Una tradizione della sinistra
da non dimenticare
C’è molto da discutere sulla lettura che Angelo d’Orsi ha dato del riformismo sulla Stampa di mercoledì.
Tenuto a battesimo da Bernstein, diventato maggiorenne con la Rivoluzione del ’17, il riformismo si ritroverebbe d’un balzo, maturo e pensoso, nel primo centrosinistra, per finire, snaturato in metamorfosi nominalistiche, decostruito in “convulsi progetti”, fungibile per Berlusconi come per “frange del centrosinistra”.
Azzardato dare lezioni di storia al prof. d’Orsi, ma è stupefacente che egli non ricordi il riformismo delle socialdemocrazie europee, e che neppure di striscio gli scappi di fare i nomi simbolo del riformismo nostrano, quello socialista di Turati e quello comunista di Amendola. Non c’è da stupirsi se la parola assume per lui ” un ruolo ambiguo”.

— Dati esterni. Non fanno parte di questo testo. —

Lemma isSym_famD p q : isSym p -> isSym q -> isSym (famD p q).
Proof.
move=> p_sym q_sym; have [_ _ [dp p_deg]] := p_sym; have [_ _ [dq q_deg]] := q_sym.
have coef n m : (famD p q n)@_m = part_coef p (mpart m) + part_coef q (mpart m).
  by rewrite mcoeffD !mcoeff_isSym.
apply: (proj1 (isSym_shape (f := fun la => part_coef p la + part_coef q la)
  (d := maxn dp dq) coef _)) => la la_part /=.
have [p_la|p_la] := eqVneq (part_coef p la) 0.
  by rewrite p_la add0r leq_max => /(part_coef_deg q_deg la_part) ->; rewrite orbT.
by rewrite leq_max (part_coef_deg p_deg la_part p_la).
Qed.

Lemma isSym_famZ c p : isSym p -> isSym (famZ c p).
Proof.
move=> p_sym; have [_ _ [d p_deg]] := p_sym.
have coef n m : (famZ c p n)@_m = c * part_coef p (part_union [::] (mpart m)).
  by rewrite mcoeffZ part_union0s ?mcoeff_isSym ?is_part_mpart.
exact: (proj1 (isSym_union_shape p_deg _ coef)).
Qed.

Lemma isSym_fsum (I : Type) (s : seq I) (F : I -> fam) :
  (forall i, isSym (F i)) -> isSym (fsum s F).
Proof. by move=> F_sym; elim: s => [|i s IH]; [apply: isSym_fam0 | apply: isSym_famD]. Qed.

Lemma epsilon_fsumZ (I : Type) (s : seq I) (c : I -> CC) (F : I -> fam) :
  epsilon (fsum s (fun i => famZ (c i) (F i))) = \sum_(i <- s) c i * epsilon (F i).
Proof.
by rewrite /epsilon fsumE raddf_sum; apply: eq_bigr => i _; rewrite /= mevalZ.
Qed.

Lemma mnm_le_mdeg n (m : 'X_{1..n}) i : (m i <= mdeg m)%N.
Proof. by rewrite mdegE (bigD1 i) //= leq_addr. Qed.

(* [Dop 0] vanishes, so the constant Taylor term is carried by [r] alone. *)
Lemma shiftE_taylor r d K a : isSym r -> deg_le r d -> (d <= K)%N ->
  shiftE a r = famD r (fsum (index_iota 0 K.+1) (fun k => famZ (a ^+ k / k`!%:R) (Dop k r))).
Proof.
move=> r_sym r_deg d_K; apply: famP => n x.
rewrite (@mcoeff_shiftE _ _ _ _ K.+1) => [|m /r_deg m_d]; last first.
  by rewrite ltnS (leq_trans (mnm_le_mdeg m ord0)) // (leq_trans m_d).
rewrite mcoeffD fsumE raddf_sum /= !big_nat_recl // expr0 mul1r mcoeff_isSym //.
rewrite mpart_mnm_cons eqxx mcoeffZ mcoeff_Dop // eqxx mulr0 add0r -mcoeff_isSym //.
congr (_ + _); apply: eq_bigr => k _.
rewrite mcoeffZ mcoeff_Dop // mcoeff_isSym // mpart_mnm_cons /=.
by rewrite mulrA divfK ?natr_fact_neq0.
Qed.

Lemma sum_powers_eq0 (R : numDomainType) (u : nat -> R) K :
  (forall a : R, \sum_(0 <= k < K) a ^+ k * u k = 0) -> forall k, (k < K)%N -> u k = 0.
Proof.
move=> u_roots k k_K; pose P := \poly_(i < K) u i.
have P0 : P = 0.
  apply: (roots_geq_poly_eq0 (rs := [seq i%:R | i <- iota 0 K])).
  - apply/allP => _ /mapP [i _ ->].
    rewrite /root horner_poly -[X in _ == X](u_roots i%:R) big_mkord.
    by apply/eqP; apply: eq_bigr => j _; rewrite mulrC.
  - by rewrite map_inj_uniq ?iota_uniq // => i j /eqP; rewrite eqr_nat => /eqP.
  - by rewrite size_map size_iota size_poly.
by have := congr1 (fun q : {poly R} => q`_k) P0; rewrite coef_poly k_K coef0.
Qed.

Lemma mem_partitions_upto N la : (la \in partitions_upto N) = is_part la && (sumn la <= N)%N.
Proof.
apply/idP/andP => [|[la_part la_N]].
  by rewrite mem_undup => /mapP [m _ ->]; rewrite is_part_mpart sumn_mpart -ltnS bmdeg.
have la_size : (size la <= N)%N := leq_trans (size_part_le_sumn la_part) la_N.
have la_bound : (mdeg (mpad N la) < N.+1)%N by rewrite mdeg_mpad.
rewrite mem_undup; apply/mapP; exists (BMultinom la_bound); first by rewrite mem_enum.
by rewrite /= mpart_mpad.
Qed.

Lemma monomial_sym_expansion p N : isSym p -> deg_le p N ->
  p = fsum (partitions_upto N) (fun la => famZ (part_coef p la) (monomial_sym la)).
Proof.
move=> p_sym p_deg; apply: famP => n m; rewrite fsumE raddf_sum mcoeff_isSym //.
have term la : (la == mpart m)%:R * part_coef p la = (la == mpart m)%:R * part_coef p (mpart m).
  by case: (eqVneq la (mpart m)) => [->|_] //=; rewrite !mul0r.
under eq_bigr => la _ do rewrite /= mcoeffZ mcoeff_monomial_sym eq_sym mulrC term.
rewrite sumr_pred1_uniq ?undup_uniq // mem_partitions_upto is_part_mpart /=.
case: leqP => [_|N_lt]; first by rewrite mul1r.
rewrite mul0r; apply/eqP; apply: contraTT N_lt; rewrite -leqNgt.
exact: part_coef_deg p_deg (is_part_mpart m).
Qed.

(** * Shift-invariant operators *)

Section ShiftInvariantOperator.

Variable theta : fam -> fam.
Hypothesis theta_sym : forall p, isSym p -> isSym (theta p).
Hypothesis theta_add : forall p q, isSym p -> isSym q ->
  theta (famD p q) = famD (theta p) (theta q).
Hypothesis theta_scale : forall (c : CC) p, isSym p -> theta (famZ c p) = famZ c (theta p).
Hypothesis theta_shift : forall (a : CC) p, isSym p -> theta (shiftE a p) = shiftE a (theta p).

Lemma theta_fam0 : theta fam0 = fam0.
Proof.
have famZ0 p : famZ 0 p = fam0 by apply: famP => n m; rewrite /famZ scale0r.
by rewrite -{1}(famZ0 fam0) theta_scale ?famZ0 //; apply: isSym_fam0.
Qed.

Lemma theta_fsumZ (I : Type) (s : seq I) (c : I -> CC) (F : I -> fam) :
  (forall i, isSym (F i)) ->
  theta (fsum s (fun i => famZ (c i) (F i))) = fsum s (fun i => famZ (c i) (theta (F i))).
Proof.
move=> F_sym; elim: s => [|i s IH] /=; first exact: theta_fam0.
rewrite theta_add ?theta_scale ?IH //; first exact: isSym_famZ.
by apply: isSym_fsum => j; apply: isSym_famZ.
Qed.

Lemma theta_Dop q k : isSym q -> theta (Dop k q) = Dop k (theta q).
Proof.
move=> q_sym; have tq_sym := theta_sym q_sym.
have [_ _ [dq q_deg]] := q_sym; have [_ _ [dt tq_deg]] := tq_sym.
pose K := maxn dq dt; have [k_K|K_k] := leqP k K; last first.
  rewrite (Dop_eq0 q_sym q_deg) ?(Dop_eq0 tq_sym tq_deg) ?theta_fam0 //.
    by rewrite (leq_ltn_trans _ K_k) ?leq_maxr.
  by rewrite (leq_ltn_trans _ K_k) ?leq_maxl.
apply: famP => n x.
pose u j := ((theta (Dop j q) n)@_x - (Dop j (theta q) n)@_x) / j`!%:R.
suff /(@sum_powers_eq0 (Rdefinitions.R[i])) /(_ k k_K) /eqP :
    forall a, \sum_(0 <= j < K.+1) a ^+ j * u j = 0.
  by rewrite mulf_eq0 invr_eq0 (negPf (natr_fact_neq0 k)) orbF subr_eq0 => /eqP.
move=> a; have := congr1 (fun f : fam => (f n)@_x) (theta_shift a q_sym).
rewrite (shiftE_taylor a q_sym q_deg (leq_maxl dq dt)).
rewrite (shiftE_taylor a tq_sym tq_deg (leq_maxr dq dt)).
have Dq_sym j : isSym (Dop j q) := isSym_Dop j q_sym.
rewrite theta_add ?theta_fsumZ //; last by apply: isSym_fsum => j; apply: isSym_famZ.
rewrite /famD !fsumE !mcoeffD => /addrI; rewrite !raddf_sum /= => sums_eq.
rewrite (eq_bigr (fun j => (famZ (a ^+ j / j`!%:R) (theta (Dop j q)) n)@_x -
                           (famZ (a ^+ j / j`!%:R) (Dop j (theta q)) n)@_x)).
  by rewrite sumrB sums_eq subrr.
by move=> j _; rewrite /u /= !mcoeffZ; ring.
Qed.

Lemma theta_Dpart la q : all (fun k => 0 < k)%N la -> isSym q ->
  theta (Dpart la q) = Dpart la (theta q).
Proof.
move=> la_pos q_sym; have [_ _ [d q_deg]] := q_sym.
elim: la la_pos => [|k la IH /andP[_ la_pos]] //=.
have [Dla_sym _] := isSym_Dpart la_pos q_sym q_deg.
by rewrite theta_scale ?theta_Dop ?IH //; apply: isSym_Dop.
Qed.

Ambiguo è il riformismo solo per chi ignora la continuità con quelle radici. E’ per la continuità con quella storia che il riformista non è solo colui che fa riforme (le ha fatte, eccome, anche Mrs. Thatcher: la chiameremo per questo riformista?); e la famosa frase della sinistra che fa le riforme che la destra non riesce a fare, è solo un brillante paradosso.
Invece d’Orsi vuole ridurre il riformismo alla sua caricatura, il “novitismo”, la smania di novità; contrapporre la politica per cui innovazione era sinonimo di progressismo, a quella per cui conterebbe solo andare avanti senza badare alle conseguenze sociali. Per riuscire in questa operazione deve non solo dimenticare il passato, come si è detto, ma anche non preoccuparsi del futuro.
Perché nel tempo del maggioritario, quando la sola cosa che conta è vincere perché chi vince si prende tutta la posta, il riformismo non è più scelta elitaria, vocazione minoritaria, secondo un vecchio stereotipo, ma è il cuore della strategia per ritornare a guidare il Paese. Quando si sono perse le elezioni, non basta più il registro identitario, senza di cui si perdono i pezzi, decisivo diventa aggiungere la capacità di conquistare nuovi voti, senza di cui si perdono le elezioni.
Senza continuità con il suo passato, senza visione del ruolo che gli assegna il maggioritario, si perde il senso del riformismo, il progetto si sbriciola nell’elenco di singole riforme. Secondo d’Orsi, questa linea avrebbe il suo migliore interprete in Berlusconi; la stessa linea che avrebbe contagiato “frange di centrosinistra” con esiti ” che sono sotto gli occhi di tutti”.
Sull’interpretazione di Berlusconi ho qualche dubbio, in quest’anno al Governo altre mi sembrano essere state le sue priorità. Sugli esiti del centrosinistra francamente ciò che lamento non è tanto quello che è sotto gli occhi, ma quello che non c’è: non le riforme fatte, quelle non fatte.